The 3D structures of target proteins were obtained from the RCSB protein database (https://www.rcsb.org/) (27), and the 2D structure of MLIF was obtained using the PubChem database (https://pubchem.ncbi.nlm.nih.gov/), drawn in 3D using ChemDraw20 (https://www.chemdraw.com.cn/) (28) and converted to pdb file format using OpenBabel 3.1.1 (http://openbabel.org/wiki/Main_Page) (29). MLIF was set as a ligand and the hub targets were set as receptors. In order to delete water molecules and heteroatoms and add charge and hydrogen atoms, the drug and receptor proteins were added to PyMOL 2.4 (https://pymol.org/2/) and AutoDock 4.2.6 (https://autodock.scripps.edu/). Using AutoDock Vina 1.1.2 (https://autodock.scripps.edu/), the produced medication was molecularly docked to the target protein. PyMOL 2.4 was used to visualize the final conformation, which was chosen based on its best binding energy (30).

Experimental verification

Animals and reagents

The rats were kept in a controlled setting with a 12-h cycle of light and dark and were fed a conventional rat diet along with water. The Institutional Animal Care and Use Committee at Shanghai University oversaw all animal studies and surgical operations to ensure that they adhered to international standards for the humane use of experimental animals. Male Sprague-Dawley rats weighing between 250 and 280 g were randomly assigned to one of three groups (N = 3–6): the Sham group (Sham), the MCAO group (MCAO), and the MLIF group (MLIF). Five minutes before reperfusion, 1 mg/kg of MLIF was injected into the tail vein for the MLIF group. Both the Sham group and the MCAO group received the identical dosage of normal saline by tail intravenous injection at the same time.
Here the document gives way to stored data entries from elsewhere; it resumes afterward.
(* Let $\mathbb{X}$ be a Cartesian closed $k$-differential category and $C$ an object of $\mathbb{X}$. Then the reader monad $\mathbb{R}(C)=([C,-],\mu^C,\eta^C)$ is a Cartesian $k$-differential monad on $\mathbb{X}$, where $[C,-](A)=[C,A]$, $[C,f]=\lambda(f\circ\mathrm{ev}_{C,A})$ for $f:A\to B$, $\eta^C_A=\lambda(\pi_2):A\to[C,A]$ (with $\pi_2:C\times A\to A$), and $\mu^C_A=\lambda(\mathrm{ev}_{C,A}\circ\langle\pi_1,\mathrm{ev}_{C,[C,A]}\rangle):[C,[C,A]]\to[C,A]$. (In term notation: $[C,f](g)=\lambda x.f(g(x))$, $\mu^C_A(F)=\lambda x.F(x)(x)$, $\eta^C_A(a)=\lambda x.a$.)
   Context: Fix a commutative semiring $k$. A left $k$-linear category is a category $\mathbb{X}$ in which each hom-set $\mathbb{X}(A,B)$ is a $k$-module (scalar multiplication $r\cdot f$, addition $+$, zero $0$) such that precomposition is $k$-linear: $(r\cdot f+s\cdot g)\circ x=r\cdot(f\circ x)+s\cdot(g\circ x)$. A map $f$ is $k$-linear if $f\circ(r\cdot x+s\cdot y)=r\cdot(f\circ x)+s\cdot(f\circ y)$ for all suitable $x,y$ and $r,s\in k$. A Cartesian left $k$-linear category is a left $k$-linear category with finite products (terminal object $\ast$, projections $\pi_j:A_1\times\cdots\times A_n\to A_j$, pairing $\langle-,\dots,-\rangle$) in which all projections are $k$-linear. A Cartesian $k$-differential category is a Cartesian left $k$-linear category equipped with a differential combinator $\mathsf{D}$ assigning to each $f:A\to B$ a map $\mathsf{D}[f]:A\times A\to B$ such that: [CD.1] $\mathsf{D}[r\cdot f+s\cdot g]=r\cdot\mathsf{D}[f]+s\cdot\mathsf{D}[g]$; [CD.2] $\mathsf{D}[f]\circ\langle\pi_1,r\cdot\pi_2+s\cdot\pi_3\rangle=r\cdot(\mathsf{D}[f]\circ\langle\pi_1,\pi_2\rangle)+s\cdot(\mathsf{D}[f]\circ\langle\pi_1,\pi_3\rangle)$ (as maps $A\times A\times A\to B$); [CD.3] $\mathsf{D}[1_A]=\pi_2$ and, for $\pi_j:A_1\times\cdots\times A_n\to A_j$, $\mathsf{D}[\pi_j]=\pi_{n+j}$; [CD.4] $\mathsf{D}[\langle f_1,\dots,f_n\rangle]=\langle\mathsf{D}[f_1],\dots,\mathsf{D}[f_n]\rangle$; [CD.5] $\mathsf{D}[g\circ f]=\mathsf{D}[g]\circ\langle f\circ\pi_1,\mathsf{D}[f]\rangle$; [CD.6] $\mathsf{D}[\mathsf{D}[f]]\circ\langle\pi_1,0,0,\pi_2\rangle=\mathsf{D}[f]$; [CD.7] $\mathsf{D}[\mathsf{D}[f]]\circ\langle\pi_1,\pi_2,\pi_3,\pi_4\rangle=\mathsf{D}[\mathsf{D}[f]]\circ\langle\pi_1,\pi_3,\pi_2,\pi_4\rangle$ (identifying $(A\times A)\times(A\times A)$ with $A\times A\times A\times A$). A map $f$ is $\mathsf{D}$-linear if $\mathsf{D}[f]=f\circ\pi_2$. For Cartesian left $k$-linear categories $\mathbb{X},\mathbb{Y}$, a strong Cartesian $k$-linear functor is a functor $\mathsf{F}:\mathbb{X}\to\mathbb{Y}$ such that $\mathsf{F}(\ast)\to\ast$ is an isomorphism, the canonical maps $\omega_{A_1,\dots,A_n}=\langle\mathsf{F}(\pi_1),\dots,\mathsf{F}(\pi_n)\rangle:\mathsf{F}(A_1\times\cdots\times A_n)\to\mathsf{F}(A_1)\times\cdots\times\mathsf{F}(A_n)$ are isomorphisms, and $\mathsf{F}(r\cdot f+s\cdot g)=r\cdot\mathsf{F}(f)+s\cdot\mathsf{F}(g)$. For Cartesian $k$-differential categories, a strong Cartesian $k$-differential functor is a strong Cartesian $k$-linear functor with $\mathsf{D}[\mathsf{F}(f)]=\mathsf{F}(\mathsf{D}[f])\circ\omega^{-1}_{A,A}$ for all $f:A\to B$. A Cartesian $k$-differential monad on a Cartesian $k$-differential category $\mathbb{X}$ is a monad $\mathbb{S}=(\mathsf{S},\mu,\eta)$ on $\mathbb{X}$ such that $\mathsf{S}$ is a strong Cartesian $k$-differential functor and every $\eta_A$ and $\mu_A$ is $\mathsf{D}$-linear. A Cartesian closed $k$-differential category is a Cartesian $k$-differential category $\mathbb{X}$ which is Cartesian closed, with internal hom $[C,B]$, evaluation $\mathrm{ev}_{C,B}:C\times[C,B]\to B$ and currying bijection $\lambda:\mathbb{X}(C\times A,B)\to\mathbb{X}(A,[C,B])$, such that currying is compatible with the $k$-linear structure ($\lambda(r\cdot f+s\cdot g)=r\cdot\lambda(f)+s\cdot\lambda(g)$) and with the differential combinator: for $f:C\times A\to B$, $\mathsf{D}[\lambda(f)]=\lambda\big(\mathsf{D}[f]\circ\langle\langle\pi_1,\pi_2\rangle,\langle 0,\pi_3\rangle\rangle\big)$, where the right-hand side curries the map $C\times A\times A\to B$, $(c,a,b)\mapsto\mathsf{D}[f]((c,a),(0,b))$ (the partial derivative of $f$ in its second argument). In term notation: $\frac{\mathsf{d}\,\lambda y.f(y,x)}{\mathsf{d}x}(a)\cdot b=\lambda y.\frac{\mathsf{d}f(y,x)}{\mathsf{d}x}(a)\cdot b$. *)

From mathcomp Require Import all_boot all_algebra.
Import GRing.Theory.
Set Implicit Arguments. Unset Strict Implicit. Unset Printing Implicit Defensive.
Local Open Scope ring_scope.

(* Raw data of a Cartesian closed left k-linear category with a
   differential combinator.  Finite products are given by a terminal
   object and binary products (n-ary products are iterated). *)
Record ccdc_data (k : comPzSemiRingType) := CCDCData {
  ob : Type;
  hom : ob -> ob -> Type;
  idm : forall A, hom A A;
  comp : forall A B C, hom B C -> hom A B -> hom A C;
  hzero : forall A B, hom A B;
  hadd : forall A B, hom A B -> hom A B -> hom A B;
  hscale : forall A B, k -> hom A B -> hom A B;
  term : ob;
  bang : forall A, hom A term;
  prod : ob -> ob -> ob;
  p1 : forall A B, hom (prod A B) A;
  p2 : forall A B, hom (prod A B) B;
  pair : forall A B C, hom C A -> hom C B -> hom C (prod A B);
  D : forall A B, hom A B -> hom (prod A A) B;
  exp : ob -> ob -> ob;
  ev : forall C B, hom (prod C (exp C B)) B;
  lam : forall C A B, hom (prod C A) B -> hom A (exp C B)
}.

Arguments ob {k}.
Arguments hom {k c}.
Arguments idm {k c}.
Arguments comp {k c A B C}.
Arguments hzero {k c A B}.
Arguments hadd {k c A B}.
Arguments hscale {k c A B}.
Arguments term {k c}.
Arguments bang {k c}.
Arguments prod {k c}.
Arguments p1 {k c A B}.
Arguments p2 {k c A B}.
Arguments pair {k c A B C}.
Arguments D {k c A B}.
Arguments exp {k c}.
Arguments ev {k c C B}.
Arguments lam {k c C A B}.

Section CCDC.
Variables (k : comPzSemiRingType) (X : ccdc_data k).

Local Notation "g ∘ f" := (comp g f) (at level 40, left associativity).
Local Notation "r *h f" := (hscale r f) (at level 35, right associativity).
Local Notation "f +h g" := (hadd f g) (at level 50, left associativity).
Local Notation "0h" := hzero.

Definition is_category : Prop :=
  (forall (A B C E : ob X) (h : hom C E) (g : hom B C) (f : hom A B),
      h ∘ (g ∘ f) = (h ∘ g) ∘ f) /\
  (forall (A B : ob X) (f : hom A B), idm B ∘ f = f) /\
  (forall (A B : ob X) (f : hom A B), f ∘ idm A = f).

Definition hom_modules : Prop :=
  forall A B : ob X,
  (forall f g h : hom A B, f +h (g +h h) = (f +h g) +h h) /\
  (forall f g : hom A B, f +h g = g +h f) /\
  (forall f : hom A B, 0h +h f = f) /\
  (forall (r : k) (f g : hom A B), r *h (f +h g) = r *h f +h r *h g) /\
  (forall (r s : k) (f : hom A B), (r + s) *h f = r *h f +h s *h f) /\
  (forall (r s : k) (f : hom A B), (r * s) *h f = r *h (s *h f)) /\
  (forall f : hom A B, 1 *h f = f) /\
  (forall f : hom A B, 0 *h f = 0h) /\
  (forall r : k, r *h (0h : hom A B) = 0h).

Definition left_linear : Prop :=
  forall (A B C : ob X) (f g : hom B C) (x : hom A B) (r s : k),
    (r *h f +h s *h g) ∘ x = r *h (f ∘ x) +h s *h (g ∘ x).

Definition k_linear_map (B C : ob X) (f : hom B C) : Prop :=
  forall (A : ob X) (x y : hom A B) (r s : k),
    f ∘ (r *h x +h s *h y) = r *h (f ∘ x) +h s *h (f ∘ y).

Definition cartesian : Prop :=
  (forall (A : ob X) (h : hom A term), h = bang A) /\
  (forall (A B C : ob X) (f : hom C A) (g : hom C B), p1 ∘ pair f g = f) /\
  (forall (A B C : ob X) (f : hom C A) (g : hom C B), p2 ∘ pair f g = g) /\
  (forall (A B C : ob X) (h : hom C (prod A B)), pair (p1 ∘ h) (p2 ∘ h) = h) /\
  (forall A B : ob X, k_linear_map (@p1 _ X A B)) /\
  (forall A B : ob X, k_linear_map (@p2 _ X A B)).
MLIF was created by the Chinese Peptide Company (Hangzhou, China), with a purity level of above 98% and in accordance with the recognized amino acid sequence (Met-Gln-Cys-Asn-Ser). 2,3,5-triphenyl tetrazolium chloride (TTC) was provided by Jiancheng Biotech Co. (Nanjing, China). The peptide was dissolved to its final concentration (50 g/ml) in PBS (pH 7.4) before being employed for cell therapy. Hyclone (Logan, Utah, USA) provided high/low glucose versions of Dulbecco's modified Eagle's medium (DMEM). Fetal bovine serum (FBS) and 0.25% tryptase were purchased from Gibco (Carlsbad, CA, USA). Penicillin-streptomycin solution was purchased from Biosera (France). R&D (Minneapolis, MN, USA) provided the enzyme-linked immunosorbent assay (ELISA) kits for IL-1 and IL-6, and Takara (Shiga, Japan) provided the kits for total RNA. All the other chemicals were bought from businesses.

Cell culture

Brain microvascular endothelial cells (bEnd3 cells) were purchased from the American Type Culture Collection (ATCC). The DMEM with high glucose, 10% fetal bovine serum, and 100 g/ml penicillin-streptomycin solution was used to cultivate the bEnd3 cells. At 37°C, cells were grown in 5% CO2 and 95% air.
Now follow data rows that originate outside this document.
(* Scaling: rho enters |phi_1| as a factor rho and |phi_2| as a factor 1/rho, so
   I_k = rho I_k(1), J_k = J_k(1)/rho, Q does not see rho, and the two period
   conditions reduce to rho^2 = J_2(1)/I_2(1) together with Q = 0.  The only analytic
   input is that the six improper integrals exist and are positive: at each endpoint
   the integrand is O(|z - v|^(-1/2)), so it is dominated by a multiple of
   1/sqrt(z - c) + 1/sqrt(d - z), whose integral is explicit, and the integrals over
   the exhausting compact subintervals increase to their supremum. *)
From Stdlib Require Import Reals Lra Lia ClassicalEpsilon FunctionalExtensionality.
From Coquelicot Require Import Coquelicot.
Open Scope R_scope.

Lemma is_imp_int_uniq (f : R -> R) (c d l1 l2 : R) :
  c < d -> is_imp_int f c d l1 -> is_imp_int f c d l2 -> l1 = l2.
Proof.
  intros Hcd H1 H2. apply Classical_Prop.NNPP. intro Hne.
  set (eps := Rabs (l1 - l2) / 2).
  assert (Heps : 0 < eps) by (apply Rdiv_lt_0_compat; [apply Rabs_pos_lt; lra | lra]).
  destruct (H1 _ Heps) as [d1 [Hd1 P1]]. destruct (H2 _ Heps) as [d2 [Hd2 P2]].
  set (e := Rmin (Rmin d1 d2) ((d - c) / 2)).
  assert (0 < e) by (apply Rmin_pos; [apply Rmin_pos |]; lra).
  assert (e <= d1 /\ e <= d2 /\ e <= (d - c) / 2) as (? & ? & ?).
  { unfold e, Rmin; repeat destruct Rle_dec; lra. }
  destruct (P1 (c + e / 2) (d - e / 2)) as [p1 Q1]; try lra.
  destruct (P2 (c + e / 2) (d - e / 2)) as [p2 Q2]; try lra.
  rewrite (RiemannInt_P5 p2 p1) in Q2.
  assert (Rabs (l1 - l2) <= Rabs (RiemannInt p1 - l1) + Rabs (RiemannInt p1 - l2)).
  { replace (l1 - l2) with (- (RiemannInt p1 - l1) + (RiemannInt p1 - l2)) by ring.
    rewrite <- (Rabs_Ropp (RiemannInt p1 - l1)). apply Rabs_triang. }
  unfold eps in *. lra.
Qed.

Lemma is_imp_int_unique (f : R -> R) (c d l : R) :
  c < d -> is_imp_int f c d l -> imp_int f c d = l.
Proof.
  intros Hcd H. apply (is_imp_int_uniq f c d); auto.
  unfold imp_int. apply epsilon_spec. now exists l.
Qed.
Transient middle cerebral artery occlusion

Procedures for tMCAO were previously described (31). In a nutshell, pentobarbitone (350 mg/kg, i.p.) was used to anesthetize rats during surgery. The internal carotid artery was used to insert an 11-mm silicone-coated 8–0 filament into the left common carotid artery for 2 h. The filament was then gently removed to complete a 24-h reperfusion period. A heating lamp was used to keep the subject's body temperature at 37.5 ± 0.5°C. After reperfusion for 24 h, we assessed the efficacy of MLIF by TTC staining and neurological deficit score and measured pro-inflammatory cytokines, including IL-1 and IL-6, in the ischemic penumbra.

Oxygen and glucose deprivation

According to a prior description by Yang et al., an ischemic model was created in vitro by depriving cells of oxygen and glucose (32). The bEnd3 cells was planted in cell culture plates with 5% CO2 at 37°C at a density of 3 × 105 cells/ml. When the confluency reached to 80%, the pure culture was quickly changed to low glucose DMEM without FBS and quinolone solution, The cells were then starved for 2 h in a 95% atmosphere, 5% carbon dioxide atmosphere at 37°C. The OGD insult was administered after MLIF (50 g/ml) administration, and the cells were placed under hypoxic conditions (5% CO2 and 95% N2) for various time periods (0, 2, 4, 6, and 8 h) in different experiments. The ELISA assay and Quantitative real-time PCR (qRT-PCR) were performed after OGD to detect the inflammatory cytokines (IL-1 and IL-6).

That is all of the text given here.